The government estimated that oil would average $124 a barrel for the year but as a result of lower oil production, caused by maintenance of two of the three offshore oil rigs, the province would record a deficit of $258 million. Marshall stated that while he could have eliminated the deficit in one year through cuts, the government decided that they would run a deficit for two years before going back to surpluses. The government also announced that over the next 10 years they would embark on a "core mandate analysis" to restrain growth in program spending to the rate of inflation, and reduce Newfoundland and Labrador's debt level to the all-province average. Just three months after the budget was delivered Dunderdale announced that the government would cut back on travel and leave some vacant positions unfilled due to a drop in oil prices. On the day of her news conference brent crude, a close reference point for oil produced offshore Newfoundland, stood at $103 a barrel, which was up from $90 the previous month. For every $1 drop in the price of oil below government estimates results in nearly $20 million less being funnelled into the provincial treasury, which meant the deficit for the year was expected to climb by several hundred million dollars. By the time Finance Minister Marshall released his mid-year economic update on December 13, 2012, it was estimated that the deficit would total $726 million for that fiscal year.
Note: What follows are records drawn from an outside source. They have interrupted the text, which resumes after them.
Lemma mu_main_closed_form :
  mu_main N tau beta x
  = / (sqrt (PI * tau) * R0 ^ m) * RInt (fun y => y ^ 2 * sqrt (s ^ 2 - y ^ 2) ^ m) 0 s.
Proof.
  assert (HR := Rad_pos N tau ltac:(lia) tau_pos).
  destruct (s_of_lt_Rad N tau beta x ltac:(lia) tau_pos beta_pos beta_lt1 x_in_ball) as [Hs0 Hs].
  assert (HR2 := Rad_sq N tau ltac:(lia) tau_pos).
  assert (Hs2 := s_of_sq N tau beta x x_in_ball).
  assert (HPI := PI_RGT_0).
  assert (Hsq : 0 < sqrt (PI * tau)) by (apply sqrt_lt_R0; nra).
  unfold mu_main; replace (N - 3)%nat with m by lia.
  rewrite (RInt_ext _ (fun y => / (beta * R0) ^ m * (y ^ 2 * sqrt (s ^ 2 - y ^ 2) ^ m))).
  - rewrite RInt_scal_R.
    + rewrite Rpow_mult_distr; field; repeat split; try apply pow_nonzero; lra.
    + apply ex_RInt_of_continuous, continuous_sq_mul_sqrt_sub_sq_pow.
  - rewrite Rmin_left, Rmax_right by lra; intros y Hy.
    assert (HbR : 0 < beta * R0) by nra.
    replace (1 - (y ^ 2 + vnorm x ^ 2) / (2 * INR N * beta ^ 2 * tau))
      with ((sqrt (s ^ 2 - y ^ 2) / (beta * R0)) ^ 2).
    + rewrite sqrt_pow2 by (apply Rdiv_le_0_compat; [apply sqrt_pos | lra]).
      unfold Rdiv; rewrite Rpow_mult_distr, pow_inv; as_R_eq; ring.
    + replace (2 * INR N * beta ^ 2 * tau) with ((beta * R0) ^ 2)
        by (rewrite Rpow_mult_distr, HR2; ring).
      unfold Rdiv; rewrite Rpow_mult_distr, pow2_sqrt by nra.
      rewrite Hs2; field; lra.
Qed.

End MassRatio.

Theorem proposition4p3 (n : nat) (tau beta : R) :
  (1 <= n)%nat -> 0 < tau -> 0 < beta < 1 ->
  exists C : R,
    forall (N : nat) (x : list R),
      (3 <= N)%nat -> length x = n -> vnorm x <= beta * Rad N tau ->
      exists E : R,
        Rabs E <= C / INR N /\
        mu N tau beta x = (1 + E) * mu_main N tau beta x.
Proof.
  intros _ Htau [Hb0 Hb1]; exists 2; intros N x HN _ Hx.
  destruct N as [|[|[|m]]]; try lia; clear HN.
  assert (HN : INR (S (S (S m))) = INR m + 3) by (rewrite !S_INR; ring).
  assert (HR := Rad_pos (S (S (S m))) tau ltac:(lia) Htau).
  assert (HR2 := Rad_sq (S (S (S m))) tau ltac:(lia) Htau).
  assert (Hsq : 0 < sqrt (PI * tau)) by (apply sqrt_lt_R0; generalize PI_RGT_0; nra).
  set (a := 2 * sqrt (PI * tau) / Rad (S (S (S m))) tau).
  assert (Ha : 0 < a) by (apply Rdiv_lt_0_compat; lra).
  assert (Ha2 : a ^ 2 * (INR m + 3) = 2 * PI).
  { unfold a, Rdiv; rewrite !Rpow_mult_distr, pow2_sqrt, pow_inv, HR2, HN
      by (generalize PI_RGT_0; nra).
    field; split; [lra | generalize (pos_INR m); lra]. }
  exists (a / wallis (S m) - 1); split.
  - rewrite HN; now apply wallis_ratio_bound.
  - rewrite mu_closed_form, mu_main_closed_form by assumption.
    assert (HW := wallis_pos (S m)).
    unfold a; simpl pow; field; repeat split; try apply pow_nonzero; lra.
Qed.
During this same time, Dunderdale was named the best fiscal performer of Canada's premiers by the Fraser Institute. The institute measured the performance of all premiers for their time in office, which was the 2011-2012 fiscal year for Dunderdale, and looked at their performance on three core components of fiscal policy: government spending, taxes, and debt and deficits. Dunderdale received a score of 71.4 out of a possible 100.0, though the report did mention that her strong performance with regards to government spending was in part due to the province's significant economic growth and not her ability to restrain growth in spending.

On January 16, 2013, Dunderdale held a surprise cabinet shuffle that saw Minister Marshall shuffled out of Finance and appointed as Minister of Natural Resources. He was replaced by Jerome Kennedy, who had served as Natural Resources Minister since October 2011. With contract negotiations underway with public sector unions underway, Minister Kennedy's appointment was called a warning shot to the union leaders by the opposition. Minister Kennedy is considered a tough negotiator; further, he was Minister of Finance in 2008 during the last round of contract negotiations.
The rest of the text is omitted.